El trabajo en los hospitales municipales Desde hace más de diez años funciona la red de Diabetes en los hospitales de la ciudad de Buenos Aires. La Dra. Enrico es referente del Hospital Bonorino Udaondo: “Nos reunimos una vez por mes. La coordinadora es la Dra. Alicia García, del Hospital Tornú. Ya hemos implementado muchas acciones a favor de la educación y la información. Este año hicimos una jornada, por iniciativa de la Legislatura porteña. A partir de esa propuesta, junto con la Dra. Carmen Mazza, pediatra jefa de la unidad Nutrición del Hospital Garraham, armamos una jornada de prevención e información sobre diabetes y obesidad en niños, jóvenes y adolescentes, que se desarrolló en la ex Casa Cuna, en el mes de junio”. Los hospitales de la ciudad de Buenos Aires proveen la insulina, los hipoglucemiantes orales clásicos, aspirinas y antihipertensivos.
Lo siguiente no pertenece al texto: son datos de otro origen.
(* With [n p1 = q p2] the least upper bound of [q] and [n], the set [lub_part C K q]
   sits in the degree-[p1] part of [r^-1 (s C)], compact by [rd_proper]. *)
Lemma lub_part_compact C K q : compact C -> C `<=` Lambda n -> compact K -> P q ->
  compact (lub_part C K q).
Proof.
move=> cC Cn cK Pq.
have [[p0 lub0] | nolub] := pselect (exists p, is_lub P q n p); last first.
  suff -> : lub_part C K q = set0 by exact: compact0.
  by rewrite -subset0 => c [mu [la [_ _ _ _ lub]]]; apply: nolub; eexists; exact: lub.
have [_ [[p2 [Pp2 E2]] [[p1 [Pp1 E1]] _]]] := lub0.
pose R := [set c | (s @` C) (r c) /\ d c = p1].
have cR : compact R.
  apply: rd_compact Pp1; apply: rel_cont_compact (subsetT _) cC.
  exact: rel_cont_of_continuous continuous_s.
pose Z := [set x | d x = q * p2 /\ exists2 la, K la & d la = q /\ path_le la x].
have clZ : closed Z by apply: closed_prefix_deg => //; exact: compact_closed hausdorffL cK.
pose S := (C `*` R) `&` (composable r s `&` uncomp comp @^-1` Z).
have cS : compact S.
  apply: compact_closedI; first exact: compact_setX.
  exact: rel_cont_closed rel_cont_comp composable_closed clZ.
suff -> : lub_part C K q = snd @` S.
  apply: rel_cont_compact (subsetT _) cS; apply: rel_cont_of_continuous.
  by move=> [? ?]; exact: cvg_snd.
apply/seteqP; split => c.
  move=> [mu [la [Cmu hc [Kla dla] lac lub]]].
  have E := lub_uniq HQ lub lub0.
  have dc : d c = p1 by apply: (@mulgI _ n); rewrite -E1 -E d_comp // (Cn _ Cmu).
  exists (mu, c) => //; split; first by split => //; split => //; exists mu.
  by split => //; split; [rewrite /uncomp /= E | exists la].
move=> [[mu c'] [[Cmu _] [hc [Zx [la Kla [dla lac]]]]] <-] /=.
by rewrite /uncomp /= in Zx lac; exists mu, la; split => //; rewrite Zx -E2.
Qed.

Lemma inv_shift_lub_part F' C K mu' b' la : path_space F' -> C `<=` W -> C mu' ->
  F' b' -> s mu' = r b' -> inv_shift F' la -> K la ->
  exists2 c, F' c & lub_part C K (d la) c.
Proof.
move=> OF' CW Cmu' F'b' hb' [mu2 Wmu2 [b2 F'b2 [hb2 lab2]]] Kla.
have /path_spaceP [_ hF' dF'] := OF'.
have E : mu2 = mu'.
  apply: injW; rewrite ?in_setE; [exact: Wmu2 | exact: CW |].
  by rewrite hb2 hb' (path_r_const hF' dF' F'b2 F'b').
rewrite {}E in hb2 lab2.
have [c [cb2 [hc [lac lub]]]] := prefix_lub hb2 lab2.
exists c; first exact: hF' F'b2 cb2.
exists mu', la; split => //; rewrite (Wn (CW _ Cmu')) in lub; exact: lub.
Qed.

Lemma inv_shift_miss_near F K : ran_W F -> compact K -> inv_shift F `&` K = set0 ->
  fell_near ran_W F [set F' | inv_shift F' `&` K = set0].
Proof.
move=> [OF [b0 [Fb0 [mu Wmu mub0]]]] cK FK.
have [C [cC [CW nC]]] := compact_nbhs_sub hausdorffL locally_compactL oW Wmu.
have [D KD] := compact_deg_cover cK.
pose Kall := \bigcup_(y in [set` D]) lub_part C K (d y).
have cKall : compact Kall.
  rewrite /Kall bigcup_fset; apply: bigsetU_compact => y _.
  by apply: lub_part_compact => //; [exact: (subset_trans CW) | exact: P_deg].
have oC : open (r @^-1` (s @` C°)).
  apply: (continuousP _).1 continuous_r _ _.
  by apply: local_homeo_open local_homeo_s _; exact: open_interior.
have near_miss : fell_near ran_W F [set F' | F' `&` Kall = set0].
  exists Kall, void, (fun=> set0); split => //; last by move=> F' [F'K _].
  split => //; apply/seteqP; split => // c [Fc [y _ [mu' [la [Cmu' hc [Kla _] lac _]]]]].
  have : (inv_shift F `&` K) la by split => //; exists mu'; [exact: CW | exists c].
  by rewrite FK.
have FC : F `&` r @^-1` (s @` C°) !=set0 by exists b0; split => //; exists mu.
apply: filterS (filterI (fell_near_dom _ _) (filterI near_miss (fell_near_meet _ oC FC))).
move=> F' [[OF' _] [F'K [b' [F'b' [mu' Cmu' hb']]]]].
apply/seteqP; split => // la [F'la Kla].
have [y Dy dla] := KD _ Kla.
have [c F'c lubc] := inv_shift_lub_part OF' CW (interior_subset Cmu') F'b' hb' F'la Kla.
have : (F' `&` Kall) c by split => //; exists y => //; rewrite -dla.
by rewrite F'K.
Qed.

(* If [la <= mu b] with [la] in [U], then [mu' b'] has a prefix in [U] for all
   composable [(mu', b')] near [(mu, b)], since composition is continuous and open. *)
Lemma inv_shift_hit_near F U : open U -> inv_shift F `&` U !=set0 ->
  fell_near ran_W F [set F' | inv_shift F' `&` U !=set0].
Proof.
move=> oU [la [[mu Wmu [b Fb [hb [al [hal Eal]]]]] Ula]].
pose E := uncomp comp @` (composable r s `&` (U `*` [set: L])).
have oE : open E.
  apply: open_map_comp; exists (U `*` [set: L]); split => //.
  by apply: open_setX => //; exact: openT.
have [OE [oOE EOE]] := rel_cont_comp oE.
have OEmb : OE (mu, b).
  have : (composable r s `&` uncomp comp @^-1` E) (mu, b).
    by split => //; exists (la, al) => //; rewrite /uncomp /= Eal.
  by rewrite EOE => -[].
have [[X Y] [/= nX nY] XYO] := open_nbhs_nbhs (conj oOE OEmb).
pose Y' := Y° `&` r @^-1` (s @` (X° `&` W)).
have oY' : open Y'.
  apply: openI; first exact: open_interior.
  apply: (continuousP _).1 continuous_r _ _; apply: local_homeo_open local_homeo_s _.
  by apply: openI => //; exact: open_interior.
have FY' : F `&` Y' !=set0 by exists b; split => //; split => //; exists mu.
apply: filterS (fell_near_meet _ oY' FY') => F' [b' [F'b' [Yb' [mu' [Xmu' Wmu'] hb']]]].
have : (composable r s `&` uncomp comp @^-1` E) (mu', b').
  by rewrite EOE; split => //; apply: XYO; split; apply: interior_subset.
move=> [_ [[la' al'] [hla' [Ula' _]] ex]].
by exists la'; split => //; exists mu' => //; exists b' => //; split => //; exists al'.
Qed.

Lemma inv_shift_rel_cont : rel_cont omega_open omega_open ran_W inv_shift.
Proof.
apply: rel_cont_fell => [F []//|F /inv_shift_ran [[]]//|F K WF|F U _].
- exact: inv_shift_miss_near WF.
- exact: inv_shift_hit_near.
Qed.

Lemma shift_homeo_W : homeo_on omega_open omega_open dom_W ran_W (shift^~ n).
Proof.
split; first by move=> A /dom_W_shift [].
exists inv_shift; split; first by move=> F /inv_shift_ran [].
split; first by move=> A /dom_W_shift [].
split; last exact: inv_shift_rel_cont.
exact: rel_cont_subset (shift_rel_cont Pn) dom_W_sub.
Qed.

End LocalInverse.

Lemma partial_local_homeos : by_partial_local_homeos P r s comp d.
Proof.
move=> n Pn; split; first exact: dom_U_open.
split; first exact: ran_V_open.
split; first by move=> A UA; exists A.
move=> A UA; have [mu [Amu dmu]] : A `&` Lambda n !=set0.
  by move: UA; rewrite dom_UE // => -[].
have [W0 [oW0 [W0mu injW0]]] := local_homeo_locally_inj mu local_homeo_s.
pose W := W0 `&` Lambda n.
have oW : open W by apply: openI => //; exact: Lambda_open.
have injW : {in W &, injective s}.
  by apply: sub_in2 injW0 => x; rewrite !in_setE => -[].
have Wn : W `<=` Lambda n by exact: subIsetr.
have WU := dom_W_sub Pn Wn.
exists (dom_W W); rewrite (shift_dom_W Wn injW).
split; first by split; [case: UA | exists mu].
split; first exact: WU.
split; first by apply: rel_open_sub WU; exact: omega_open_meet.
split; last exact: shift_homeo_W.
exact: rel_open_sub (ran_W_open oW) (ran_W_sub Pn Wn).
Qed.

End RdProper.
End PGraph.

Theorem theorem6p10 (Q : groupType) (P : set Q) (L V : topologicalType)
  (iota : V -> L) (r s : L -> V) (comp : L -> L -> L) (d : L -> Q) :
  quasi_lattice_ordered P ->
  is_topological_P_graph P iota r s comp d ->
  rd_proper P r d ->
  is_partial_action P r s comp d /\
  by_partial_local_homeos P r s comp d /\
  directed_action P r s comp d.
Proof.
move=> HQ HG Hrd; split; first exact: partial_action HG.
split; first exact: partial_local_homeos HQ HG Hrd.
exact: directed_act HQ HG.
Qed.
Existe una propuesta para ampliar esta cobertura: “Se está trabajando para aumentar la llegada de las tiras reactivas que miden la glucemia, el paciente debería poder hacerlo en su domicilio, ya que es muy importante que conozca sus valores de glucemia en distintos momentos del día. Pero ocurre que estas tiras son bastante onerosas. En este momento, la ciudad las cubre solamente para niños y adolescentes con diabetes tipo 1 o mujeres gestantes. La idea es que otros pacientes puedan acceder a esta tecnología”.


Volver a:

MercedesJones y ElenaPerich

EnciclopediaRelacionalDinamica: MariaTeresaEnrico (última edición 2016-03-25 15:23:39 efectuada por MercedesJones)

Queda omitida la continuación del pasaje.